Frames generate scripts, or scenarios, to guide action in high-stakes circumstance.
(Bolman & Deal, 2017, p. 323)
The four frames are really preferences. We are capable of operating in all four frames. I may be more comfortable in the structural frame compared to the human resources frame, however, I am capable of doing both. It is figuring out when I may need to step out of my comfort zone and implement a new frame. Then when I determined that I cannot stick a square peg in a round hole, am I equipped to actually use the intended frame?
It is clear to be a successful leader, one has to be adept at shifting between and using all four frames. Even operating in only two of the frames is not sufficient. Each of the frames has advantages and disadvantages. The same frame cannot be used at all times for all situations. It is just not feasible.
One may be able to use their top two for a bit, but at some point, it will be critical to tap into your third or fourth. This is more draining. It takes more energy and effort. It requires conscious attention.
Your top two frames can happen almost subconsciously. You naturally slip into those modes. But to use the other two frames, there is more work that needs to be done.
Practice, practice, practice.
We can only make this happen if we take the time to reflect on our situations, decisions, and actions. There has to be a recognition that mistakes will be made. We have to take into account multiple perspectives. Our own lens is clouded by our salient identities and life experiences. We are better served to take a moment to think beyond our initial thought. A deep breath before responding or reacting. A slight pause to collect one’s thoughts and ideas. You do not make a better decision by responding first.
As leadership theory continues to shift towards transformational, relational, and collective models, the capacity to move among the four frames becomes more critical. But perhaps even more importantly is self-efficacy. This is where practice comes in. The more opportunities one has to practice, the more comfortable one will be in moving from frame to frame. Many times people have the capacity but lack the self-efficacy.
Even more so, as highlighted by Bolman and Deal, there are differences in culture and genders when it comes to leadership. As the world becomes more accessible to all, it is imperative for leaders to take on greater perspective taking.
Though not highlighted by Bolman and Deal, there is significant literature around differences between gender and race/ethnicity when it comes to leadership development in college-aged students. The Multi-Institutional Leadership Study has been conducted since 2009 and has produced numerous articles as to how students differ on the Seven C’s associated with the Social Change Model of Leadership Development. Granted the SCM is only one leadership model and is specific to college-aged students, it does provide evidence that leadership development cannot be approached the same way for all people. There is a nuance to what depths and breadths of experience and opportunities may be more beneficial to students based on their identity.

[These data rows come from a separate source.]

(* the configuration obtained by firing t in g (meaningful when fireable) *)
Definition step (g : conf) (t : trans) : conf :=
  (ttgt t, `|(Posz g.2 + teff t)%R|%N).

(* A path is given by its source configuration and its projection
   (sequence of transitions); its configurations are then determined. *)
Definition opath := (conf * seq trans)%type.

Fixpoint valid_from (g : conf) (ts : seq trans) : bool :=
  if ts is t :: ts' then fireable g t && valid_from (step g t) ts' else true.

Definition valid (p : opath) : bool := valid_from p.1 p.2.
Definition psrc (p : opath) : conf := p.1.
Definition ptgt (p : opath) : conf := foldl step p.1 p.2.
Definition plen (p : opath) : nat := size p.2.
Definition proj (p : opath) : seq trans := p.2.
Definition pconfs (p : opath) : seq conf := p.1 :: scanl step p.1 p.2.
(* intermediate configurations: gamma_2, ..., gamma_m *)
Definition pinter (p : opath) : seq conf := take (plen p).-1 (behead (pconfs p)).
Definition seff (ts : seq trans) : int := (\sum_(t <- ts) teff t)%R.
Definition peff (p : opath) : int := seff p.2.

Fixpoint consistent (ts : seq trans) : bool :=
  match ts with
  | t :: ((t' :: _) as ts') => (ttgt t == tsrc t') && consistent ts'
  | _ => true
  end.

Definition is_cycle (c : seq trans) : bool :=
  if c is t0 :: _ then
    all (Tpos O) c && consistent c && (ttgt (last t0 c) == tsrc t0)
  else false.

Definition has_base (c : seq trans) (q : Q) : bool :=
  if c is t0 :: _ then tsrc t0 == q else false.

Definition simple_cycle (c : seq trans) : bool :=
  is_cycle c && uniq (map tsrc c).

Definition contained (c : seq trans) (S : {set Q}) : bool :=
  all (fun t => (tsrc t \in S) && (ttgt t \in S)) c.

Definition gedge : rel Q :=
  fun p q => has (fun d => Tpos O (p, d, q)) [:: (-1)%R; 0%R; 1%R].

Definition is_scc (S : {set Q}) : Prop :=
  exists p, S = [set q | connect gedge p q && connect gedge q p].

Definition pos_enabled (S : {set Q}) : Prop :=
  exists c, [&& is_cycle c, contained c S & (0 < seff c)%R].
Definition neg_enabled (S : {set Q}) : Prop :=
  exists c, [&& is_cycle c, contained c S & (seff c < 0)%R].

Definition sigma_ok (sigp sign : {set Q} -> seq trans) : Prop :=
  (forall S, is_scc S -> pos_enabled S ->
     [&& simple_cycle (sigp S), contained (sigp S) S & (0 < seff (sigp S))%R]) /\
  (forall T, is_scc T -> neg_enabled T ->
     [&& simple_cycle (sign T), contained (sign T) T & (seff (sign T) < 0)%R]).

Definition is_arc (p : opath) : bool :=
  [&& valid p, (psrc p).2 == 0%N, (ptgt p).2 == 0%N &
      all (fun g : conf => (0 < g.2)%N) (pinter p)].

Definition is_low (p : opath) : bool :=
  all (fun g : conf => (g.2 < 5 * #|Q|)%N) (pconfs p).

Definition nzero (p : opath) : nat := count (fun g : conf => g.2 == 0%N) (pconfs p).

Record ndec := NDec { dpref : opath; dup : opath; dcap : opath;
                      ddown : opath; dsuff : opath }.

Definition is_ndec (rho : opath) (d : ndec) : Prop :=
  [/\ psrc (dpref d) = psrc rho,
      psrc (dup d) = ptgt (dpref d),
      psrc (dcap d) = ptgt (dup d),
      psrc (ddown d) = ptgt (dcap d) &
      psrc (dsuff d) = ptgt (ddown d)] /\
      proj rho = proj (dpref d) ++ proj (dup d) ++ proj (dcap d)
                 ++ proj (ddown d) ++ proj (dsuff d).

Definition good_normal (sigp sign : {set Q} -> seq trans) (S T : {set Q})
    (rho : opath) (d : ndec) : Prop :=
  let A := `|seff (sigp S)|%N in
  let B := `|seff (sign T)|%N in
  let n := #|Q| in
  [/\ is_scc S, is_scc T, pos_enabled S & neg_enabled T] /\
  [/\ is_ndec rho d, is_low (dpref d) & is_low (dsuff d)] /\
  exists a b : nat,
  [/\ proj (dup d) = flatten (nseq a (sigp S)),
      proj (ddown d) = flatten (nseq b (sign T)),
      has_base (sigp S) (psrc (dcap d)).1,
      has_base (sign T) (ptgt (dcap d)).1 &
  [/\ (a * A <= 2 * plen (dcap d) + 2 * lcmn A B)%N,
      (b * B <= 2 * plen (dcap d) + 2 * lcmn A B)%N,
      (forall c, infix c (proj (dcap d)) -> is_cycle c ->
          ~~ (gcdn A B %| `|seff c|)%N),
      (n < (ptgt (dup d)).2)%N /\ (n < (psrc (ddown d)).2)%N &
      uniq (pconfs (dpref d) ++ pconfs (dsuff d))]].

Definition full_path (alpha : conf) (k : nat) (rho : nat -> opath) : opath :=
  (alpha, flatten [seq proj (rho i) | i <- iota 1 k]).

Definition standing_setup (sigp sign : {set Q} -> seq trans)
    (alpha beta : conf) (k : nat) (rho : nat -> opath) (inN : nat -> bool)
    (Sof Tof : nat -> {set Q}) (dec : nat -> ndec) : Prop :=
  [/\ sigma_ok sigp sign, alpha.2 = 0%N & beta.2 = 0%N] /\
  [/\ (forall i, (1 <= i <= k)%N -> is_arc (rho i) /\
          psrc (rho i) = (if i == 1%N then alpha else ptgt (rho i.-1))),
      ptgt (full_path alpha k rho) = beta &
  [/\ forall p : opath, valid p -> psrc p = alpha -> ptgt p = beta ->
        (nzero (full_path alpha k rho) <= nzero p)%N,
      forall i, (1 <= i <= k)%N -> ~~ inN i ->
        is_low (rho i) /\
        (forall p : opath, is_arc p -> is_low p -> psrc p = psrc (rho i) ->
            ptgt p = ptgt (rho i) -> (plen (rho i) <= plen p)%N) &
      forall i, (1 <= i <= k)%N -> inN i ->
        good_normal sigp sign (Sof i) (Tof i) (rho i) (dec i)]].

End OCS.

From mathcomp Require Import all_boot all_order all_algebra zify.
Set Implicit Arguments. Unset Strict Implicit. Unset Printing Implicit Defensive.
Import GRing.Theory Num.Theory.

(* Suppose such configurations d_i and d_j exist, with counters u and v, and
   write A = eff(sigma+_S), B = -eff(sigma-_T). By Bezout, u + x A = v + y B for
   some naturals x, y. Starting at the source of the cap of rho^i (counter > n),
   run sigma+_S x times, then the cap of rho^i up to d_i and the cap of rho^j
   from d_j on, both lifted by x A = v - u + y B, and finally sigma-_T y times,
   which brings the counter back down to the target of the cap of rho^j
   (counter > n). Every configuration of this run is positive, so splicing it
   into rho in place of the segment between the two caps removes the zero at
   the end of rho^i, contradicting the minimality of the zeros on rho. *)

Arguments step {Q} g t : simpl never.

Section Runs.
Variable Q : finType.
Variable O : ocs Q.

Definition pos_run (p : opath Q) : bool :=
  valid O p && all (fun c : conf Q => (0 < c.2)%N) (pconfs p).

Definition nzero_steps (g : conf Q) (ts : seq (trans Q)) : nat :=
  count (fun c : conf Q => c.2 == 0%N) (scanl step g ts).

Lemma valid_from_cat g s1 s2 :
  valid_from O g (s1 ++ s2) = valid_from O g s1 && valid_from O (foldl step g s1) s2.
Proof. by elim: s1 g => [|t s IH] g //=; rewrite IH andbA. Qed.

Lemma nzero_steps_cat g s1 s2 :
  nzero_steps g (s1 ++ s2) = nzero_steps g s1 + nzero_steps (foldl step g s1) s2.
Proof. by rewrite /nzero_steps scanl_cat count_cat. Qed.

Lemma nzero_steps_cons g t ts :
  nzero_steps g (t :: ts) = ((step g t).2 == 0%N) + nzero_steps (step g t) ts.
Proof. by []. Qed.

Lemma pos_run_nil g : pos_run (g, [::]) = (0 < g.2)%N.
Proof. by rewrite /pos_run /= andbT. Qed.

Lemma pos_run_cons g t ts :
  pos_run (g, t :: ts) = [&& fireable O g t, (0 < g.2)%N & pos_run (step g t, ts)].
Proof.
rewrite /pos_run /valid /=.
by case: (fireable O g t); case: (0 < g.2)%N; case: valid_from.
Qed.

Lemma pos_run_src_gt0 g ts : pos_run (g, ts) -> (0 < g.2)%N.
Proof. by case/andP=> _ /andP[]. Qed.

Lemma pos_run_cat g s1 s2 :
  pos_run (g, s1 ++ s2) = pos_run (g, s1) && pos_run (foldl step g s1, s2).
Proof.
elim: s1 g => [|t s IH] g /=; last by rewrite !pos_run_cons IH !andbA.
rewrite pos_run_nil; case H: (pos_run (g, s2)); last by rewrite andbF.
by rewrite (pos_run_src_gt0 H).
Qed.

Lemma pos_run_valid p : pos_run p -> valid O p.
Proof. by case/andP. Qed.

Lemma pos_run_nzero_steps g ts : pos_run (g, ts) -> nzero_steps g ts = 0%N.
Proof.
elim: ts g => [|t s IH] g //; rewrite pos_run_cons => /and3P[_ _ H].
by rewrite nzero_steps_cons IH // addn0; have := pos_run_src_gt0 H; case: (_.2).
Qed.

Lemma nzero_steps_gt0 g ts :
  (foldl step g ts).2 = 0%N -> g.2 != 0%N -> (0 < nzero_steps g ts)%N.
Proof.
elim: ts g => [|t s IH] g /=; first by move=> ->.
move=> Hend Hg; rewrite nzero_steps_cons.
case: eqP => [//|/eqP Hst].
exact: IH Hend Hst.
Qed.

Lemma step_Tpos g t : Tpos O t -> (0 < g.2)%N ->
  Posz (step g t).2 = (Posz g.2 + teff t)%R.
Proof.
by move=> /Tpos_eff; rewrite !inE => /or3P [] /eqP E Hg; rewrite /step /= E; lia.
Qed.

Lemma fireable_Tpos g t : fireable O g t -> (0 < g.2)%N ->
  (tsrc t == g.1) && Tpos O t.
Proof.
by rewrite /fireable => /andP[-> /orP[/andP[-> _]|/andP[_ /eqP ->]]].
Qed.

Lemma step_shift g t K : Tpos O t -> (0 < g.2)%N ->
  step (g.1, g.2 + K)%N t = ((step g t).1, (step g t).2 + K)%N.
Proof.
move=> /Tpos_eff; rewrite !inE => /or3P [] /eqP E Hg;
by rewrite /step /= E; congr pair; lia.
Qed.

(* Away from zero only non-zero transitions fire, so a positive run can be
   replayed with its counter raised by any constant. *)
Lemma pos_run_shift g ts K : pos_run (g, ts) ->
  pos_run ((g.1, g.2 + K)%N, ts) /\
  foldl step (g.1, g.2 + K)%N ts = ((foldl step g ts).1, (foldl step g ts).2 + K)%N.
Proof.
elim: ts g => [|t s IH] g; first by rewrite !pos_run_nil /= => H; split=> //; lia.
rewrite !pos_run_cons => /and3P[Hf Hg Hs]; have /andP[Hsrc Ht] := fireable_Tpos Hf Hg.
have [IH1 IH2] := IH _ Hs; have HgK : (0 < g.2 + K)%N by lia.
rewrite /= step_shift // IH1 IH2 HgK andbT; split=> //.
by rewrite /fireable /= Ht HgK (eqP Hsrc) eqxx.
Qed.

Therefore, if one is looking to change an organization, rushing in, moving, and changing things, people, structures, symbols is detrimental to the longterm prospect of success. Just because something worked somewhere else does not mean it will work here. Cultures are different. The successes and problems are different. The people are different. What is significant is different. The structures are different.
As UNF finds itself in the midst of a presidential transition, things will likely change. The Board of Trustees provides the vision and the President is asked to make sure it comes to fruition. The President may have discretion as to how the vision is achieved and therefore sets priorities based on their ideas with ample input from other constituents including students, faculty, staff, alumni, donors, and community members. But anytime change occurs, each frame will experience difficulties. With practice and experience, we can shift our frame to another perspective. If we understand the script we are most comfortable with, but also read the scripts for those other frames, we are more likely to be successful in changing tides.